Starting at the line with "Proof. by move=> E" in it, reproduce each line below through the last one, exactly, and include nothing else.

• • •

Lemma a_prime_regular (A : pzRingType) (S : A -> Prop) : S_in_C_mod S (a_prime S).
Proof. by move=> s Ss x axs b bI bS; apply: (bS s Ss); exact: axs. Qed.

Arguments a_prime_ideal {A} S.
Arguments a_prime_regular {A} S.

Section Units.
Variable A : pzRingType.
Implicit Types u x y z : A.

Lemma linv_eq_rinv u y z : y * u = 1 -> u * z = 1 -> y = z.
Proof. by move=> yu uz; rewrite -[y]mulr1 -uz mulrA yu mul1r. Qed.

Lemma mulr_unit_eq0 u x : is_unit u -> x * u = 0 -> x = 0.
Proof. by case=> y [uy _] xu; rewrite -[x]mulr1 -uy mulrA xu mul0r. Qed.

Lemma unit_mulr_eq0 u x : is_unit u -> u * x = 0 -> x = 0.
Proof. by case=> y [_ yu] ux; rewrite -[x]mul1r -yu -mulrA ux mulr0. Qed.

End Units.

Section Kernels.
Variables (A B : pzRingType) (g : {rmorphism A -> B}) (S : A -> Prop).
Hypothesis g_unit : forall s, S s -> is_unit (g s).

Lemma ker_ideal : is_ideal (fun r => g r = 0).
Proof.
split=> [|x y gx gy|x gx|r x gx]; first exact: rmorph0.
- by rewrite rmorphD gx gy addr0.
- by rewrite rmorphN gx oppr0.
- by rewrite !rmorphM gx mulr0 mul0r.
Qed.

Lemma ker_regular : S_in_C_mod S (fun r => g r = 0).
Proof. by move=> s Ss x; rewrite rmorphM; apply: mulr_unit_eq0; exact: g_unit. Qed.

Lemma a_prime_ker r : a_prime S r -> g r = 0.
Proof. by move=> ar; exact: (ar _ ker_ideal ker_regular). Qed.

End Kernels.

Definition ass_mod (A : pzRingType) (S b : A -> Prop) (r : A) : Prop :=
  exists s, S s /\ b (s * r).

Section AssMod.
Variables (A : pzRingType) (S b : A -> Prop).
Hypothesis S1 : S 1.
Hypothesis SM : forall s t, S s -> S t -> S (s * t).
Hypothesis Ore : forall r s, S s -> exists s' r', S s' /\ s' * r = r' * s.
Hypothesis b_ideal : is_ideal b.

Lemma ass_mod_ideal : is_ideal (ass_mod S b).
Proof.
split=> [|x y [s [Ss bx]] [t [St by_]] | x [s [Ss bx]] | r x [s [Ss bx]]].
- by exists 1; rewrite mulr0; split; last exact: (ideal0 b_ideal).
- have [c [d [Sc cs_dt]]] := Ore s St.
  exists (c * s); split; first exact: SM.
  rewrite mulrDr {2}cs_dt -!mulrA.
  by apply: (idealD b_ideal); apply: (idealMl b_ideal).
- by exists s; split=> //; rewrite mulrN; apply: (idealN b_ideal).
- have [s' [r' [Ss' s'r]]] := Ore r Ss.
  split; [exists s' | exists s]; split=> //; rewrite mulrA.
    by rewrite s'r -mulrA; exact: (idealMl b_ideal).
  exact: (idealMr b_ideal).
Qed.

Lemma ass_mod_regular : S_in_C_mod S b -> S_in_C_mod S (ass_mod S b).
Proof.
by move=> bS s Ss x [t [St bx]]; exists t; split=> //; apply: (bS s Ss); rewrite -mulrA.
Qed.

Lemma ass_mod_cancel s x : S s -> ass_mod S b (s * x) -> ass_mod S b x.
Proof. by move=> Ss [t [St bx]]; exists (t * s); split; [exact: SM | rewrite -mulrA]. Qed.

End AssMod.

Section LeftFractions.
Variables (R : pzRingType) (S K : R -> Prop).
Hypotheses (S1 : S 1) (SM : forall s t, S s -> S t -> S (s * t)).
Hypothesis Ore : forall r s, S s -> exists s' r', S s' /\ s' * r = r' * s.
Hypotheses (K_ideal : is_ideal K) (K_regr : S_in_C_mod S K).
Hypothesis K_regl : forall s x, S s -> K (s * x) -> K x.

Local Notation "x ≡ y" := (K (x - y)) (at level 70, no associativity).

Lemma eqv_eq x y : x = y -> x ≡ y.
Proof. by move=> ->; rewrite subrr; exact: ideal0. Qed.

Lemma eqv_sym x y : x ≡ y -> y ≡ x.
Proof. by move/(idealN K_ideal); rewrite opprB. Qed.

Lemma eqv_trans y x z : x ≡ y -> y ≡ z -> x ≡ z.
Proof. by move=> xy /(idealD K_ideal xy); rewrite addrA subrK. Qed.

Lemma eqvD x x' y y' : x ≡ x' -> y ≡ y' -> x + y ≡ x' + y'.
Proof. by move=> xx' /(idealD K_ideal xx'); rewrite opprD addrACA. Qed.

Lemma eqvN x y : x ≡ y -> - x ≡ - y.
Proof. by move/(idealN K_ideal); rewrite opprB opprK addrC. Qed.

Lemma eqvMl r x y : x ≡ y -> r * x ≡ r * y.
Proof. by move/(idealMl K_ideal r); rewrite mulrBr. Qed.

Lemma eqvMr r x y : x ≡ y -> x * r ≡ y * r.
Proof. by move/(idealMr K_ideal r); rewrite mulrBl. Qed.

Lemma eqv_cancelr s x y : S s -> x * s ≡ y * s -> x ≡ y.
Proof. by move=> Ss; rewrite -mulrBl; exact: K_regr. Qed.

Lemma eqv_cancell s x y : S s -> s * x ≡ s * y -> x ≡ y.
Proof. by move=> Ss; rewrite -mulrBr; exact: K_regl. Qed.

(* [s^-1 a] and [t^-1 b] agree in [S^-1 (R/K)]; a fraction is represented by
   its class [same_frac s a], which avoids building the quotient [R/K]. *)
Definition same_frac s a t b := forall c d, c * s ≡ d * t -> c * a ≡ d * b.

Lemma same_frac_refl s a : S s -> same_frac s a s a.
Proof. by move=> Ss c d /(eqv_cancelr Ss)/(eqvMr a). Qed.

Lemma same_frac_sym s a t b : same_frac s a t b -> same_frac t b s a.
Proof. by move=> E c d /eqv_sym/E/eqv_sym. Qed.

Lemma same_frac_trans t s a b x y :
  S t -> same_frac s a t b -> same_frac t b x y -> same_frac s a x y.
Proof.
move=> St E1 E2 c d csdx.
have [v [w [Sv vcs_wt]]] := Ore (c * s) St.
apply: (eqv_cancell Sv); rewrite !mulrA.
apply: (@eqv_trans (w * b)).
  by apply: E1; rewrite -mulrA vcs_wt; exact: eqv_eq.
by apply: E2; rewrite -vcs_wt -!mulrA; exact: eqvMl.
Qed.

Lemma same_frac_intro c d s a t b : S s -> S t -> S (c * s) ->
  c * s ≡ d * t -> c * a ≡ d * b -> same_frac s a t b.
Proof.
move=> Ss St Scs csdt cadb c' d' c's_d't.
have [e [g [Se ec's_gcs]]] := Ore (c' * s) Scs.
have ec'_gc : e * c' ≡ g * c.
  by apply: (eqv_cancelr Ss); apply: eqv_eq; rewrite -!mulrA.
have ed'_gd : e * d' ≡ g * d.
  apply: (eqv_cancelr St); rewrite -!mulrA.
  apply: eqv_trans (eqvMl e (eqv_sym c's_d't)) _.
  by rewrite ec's_gcs; exact: eqvMl.
apply: (eqv_cancell Se); rewrite !mulrA.
apply: eqv_trans (eqvMr a ec'_gc) _.
rewrite -!mulrA; apply: eqv_trans (eqvMl g cadb) _.
by rewrite !mulrA; apply: eqvMr; exact: eqv_sym.
Qed.

Record lfrac := LFrac {
  lfrac_class : R -> R -> Prop;
  _ : exists2 p : R * R, S p.1 & lfrac_class = same_frac p.1 p.2 }.

Lemma lfrac_inj q1 q2 : lfrac_class q1 = lfrac_class q2 -> q1 = q2.
Proof.
by case: q1 q2 => P1 H1 [P2 H2] /= E; subst P2; rewrite (Prop_irrelevance H1 H2).
Qed.

Lemma same_frac_class s a :
  S s -> exists2 p : R * R, S p.1 & same_frac s a = same_frac p.1 p.2.
Proof. by exists (s, a). Qed.

(* A junk denominator [s] outside [S] is replaced by [1], with numerator [0]. *)
Definition frac s a : lfrac :=
  if pselect (S s) is left Ss then LFrac (same_frac_class a Ss)
  else LFrac (same_frac_class 0 S1).

Lemma frac_class s a : S s -> lfrac_class (frac s a) = same_frac s a.
Proof. by rewrite /frac; case: pselect. Qed.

• • •

Output for this exercise —
Proof. by move=> E c d /eqv_sym/E/eqv_sym. Qed.

Lemma same_frac_trans t s a b x y :
  S t -> same_frac s a t b -> same_frac t b x y -> same_frac s a x y.
Proof.
move=> St E1 E2 c d csdx.
have [v [w [Sv vcs_wt]]] := Ore (c * s) St.
apply: (eqv_cancell Sv); rewrite !mulrA.
apply: (@eqv_trans (w * b)).
  by apply: E1; rewrite -mulrA vcs_wt; exact: eqv_eq.
by apply: E2; rewrite -vcs_wt -!mulrA; exact: eqvMl.
Qed.

Lemma same_frac_intro c d s a t b : S s -> S t -> S (c * s) ->
  c * s ≡ d * t -> c * a ≡ d * b -> same_frac s a t b.
Proof.
move=> Ss St Scs csdt cadb c' d' c's_d't.
have [e [g [Se ec's_gcs]]] := Ore (c' * s) Scs.
have ec'_gc : e * c' ≡ g * c.
  by apply: (eqv_cancelr Ss); apply: eqv_eq; rewrite -!mulrA.
have ed'_gd : e * d' ≡ g * d.
  apply: (eqv_cancelr St); rewrite -!mulrA.
  apply: eqv_trans (eqvMl e (eqv_sym c's_d't)) _.
  by rewrite ec's_gcs; exact: eqvMl.
apply: (eqv_cancell Se); rewrite !mulrA.
apply: eqv_trans (eqvMr a ec'_gc) _.
rewrite -!mulrA; apply: eqv_trans (eqvMl g cadb) _.
by rewrite !mulrA; apply: eqvMr; exact: eqv_sym.
Qed.

Record lfrac := LFrac {
  lfrac_class : R -> R -> Prop;
  _ : exists2 p : R * R, S p.1 & lfrac_class = same_frac p.1 p.2 }.

Lemma lfrac_inj q1 q2 : lfrac_class q1 = lfrac_class q2 -> q1 = q2.
Proof.
by case: q1 q2 => P1 H1 [P2 H2] /= E; subst P2; rewrite (Prop_irrelevance H1 H2).
Qed.

Lemma same_frac_class s a :
  S s -> exists2 p : R * R, S p.1 & same_frac s a = same_frac p.1 p.2.
Proof. by exists (s, a). Qed.

(* A junk denominator [s] outside [S] is replaced by [1], with numerator [0]. *)
Definition frac s a : lfrac :=
  if pselect (S s) is left Ss then LFrac (same_frac_class a Ss)
  else LFrac (same_frac_class 0 S1).

Lemma frac_class s a : S s -> lfrac_class (frac s a) = same_frac s a.
Proof. by rewrite /frac; case: pselect. Qed.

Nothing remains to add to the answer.